Scrapy Splash 不遵守渲染 "wait" 时间

Question

我正在使用 Scrapy 和 Splash 抓取此页面：https://www.athleteshop.nl/shimano-voor-as-108mm-37184

这是我在 Scrapy Shell 中用 view(response) 得到的图像： scrapy shell img

我需要以红色突出显示的条形码。但是它是在 javascript 中生成的，因为它可以在 Chrome 中的源代码中看到，使用 F12。然而，虽然在 Scrapy Shell 和 Splash localhost 中都正确显示，虽然 Splash localhost 给了我正确的 html，但我想要的条形码 select 总是等于 None 与 response.xpath("//table[@class='data-table']//tr[@class='even']/td[@class='data last']/text()").extract_first()。

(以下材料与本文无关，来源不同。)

(* For any two policy profiles $\pi,\pi'$ and every player $i$, $$\|v_i(\pi)-v_i(\pi')\|\le\frac{3\sqrt{A_i}}{\zeta^3}\sum_{j\in\mathcal N}\sqrt{A_j}\,\|\pi_j-\pi'_j\|,$$ and consequently $\|v(\pi)-v(\pi')\|\le\frac{3A}{\zeta^3}\|\pi-\pi'\|$ with $A=\sum_{i\in\mathcal N}A_i$.
   Context: Standing setting. Finite $N$-player stochastic game with random stopping: players $\mathcal N$, finite states $\mathcal S$, finite action sets $\mathcal A_i$ with $A_i=|\mathcal A_i|$, $\mathcal A=\prod_i\mathcal A_i$, rewards $r_i:\mathcal S\times\mathcal A\to[-1,1]$, nonnegative transition weights $P(s'\mid s,a)$ with stopping probability $\zeta_{s,a}=1-\sum_{s'}P(s'\mid s,a)$, $\zeta=\min_{s,a}\zeta_{s,a}>0$, initial distribution $\rho$. Policies $\pi_i\in\Delta(\mathcal A_i)^{\mathcal S}\subset\mathbb R^{\mathcal S\times\mathcal A_i}$, Euclidean norms. Episodes: $s_0\sim\rho$; players independently draw $a_{i,t}\sim\pi_i(\cdot\mid s_t)$; stop w.p. $\zeta_{s_t,a_t}$ ($T(\tau)=t$), else move to $s'$ w.p. $P(s'\mid s_t,a_t)$. $V_{i,\rho}(\pi)=\mathbb E_\pi[\sum_{t=0}^{T(\tau)}r_i(s_t,a_t)]$, $v_i(\pi)=\nabla_{\pi_i}V_{i,\rho}(\pi)$ (gradient in player $i$'s own entries), $v=(v_i)_i$. *)

From HB Require Import structures.
From mathcomp Require Import all_boot all_order all_algebra.
From mathcomp Require Import all_classical all_reals all_analysis.
Set Implicit Arguments. Unset Strict Implicit. Unset Printing Implicit Defensive.
Import Order.TTheory GRing.Theory Num.Theory numFieldNormedType.Exports.
Local Open Scope ring_scope.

selector 不是问题，因为它适用于 Chrome 的源代码。两天来我一直在网上和 SO 上寻找答案，似乎没有人遇到同样的问题。只是 Splash 不支持它吗？设置是 classic 设置如下：

SPLASH_URL = 'http://192.168.99.100:8050/'
DOWNLOADER_MIDDLEWARES = {
'scrapy_splash.SplashCookiesMiddleware': 723,
'scrapy_splash.SplashMiddleware': 725,
'scrapy.downloadermiddlewares.httpcompression.HttpCompressionMiddleware': 
810,
}
SPIDER_MIDDLEWARES = {
'scrapy_splash.SplashDeduplicateArgsMiddleware': 100,
}
DUPEFILTER_CLASS = 'scrapy_splash.SplashAwareDupeFilter'
HTTPCACHE_STORAGE = 'scrapy_splash.SplashAwareFSCacheStorage'

我的代码如下（解析部分针对点击网站内部搜索引擎提供的link，效果很好）：

    def parse(self, response):
        try :
            link=response.xpath("//li[@class='item last']/a/@href").extract_first()
            yield SplashRequest(link, self.parse_item, endpoint = 'render.html', args={'wait': 20})
        except Exception as e:
            print (str(e))


    def parse_item(self, response):
        product = {}
        product['name']=response.xpath("//div[@class='product-name']/h1/text()").extract_first()
        product['ean']=response.xpath("//table[@class='data-table']//tr[@class='even']/td[@class='data last']/text()").extract_first()
        product['price']=response.xpath("//div[@class='product-shop']//p[@class='special-price']/span[@class='price']/text()").extract_first()
        product['image']=response.xpath("//div[@class='item image-photo']//img[@class='owl-product-image']/@src").extract_first()
        print (product['name'])
        print (product['ean'])
        print (product['image'])

名字和图像 url 上的打印效果非常好，因为它们不是由 javascript 生成的。代码没问题，设置没问题，Splash localhost 向我展示了一些不错的东西，但是我的 selector 在脚本的执行中不起作用（没有显示任何错误），在 Scrapy Shell.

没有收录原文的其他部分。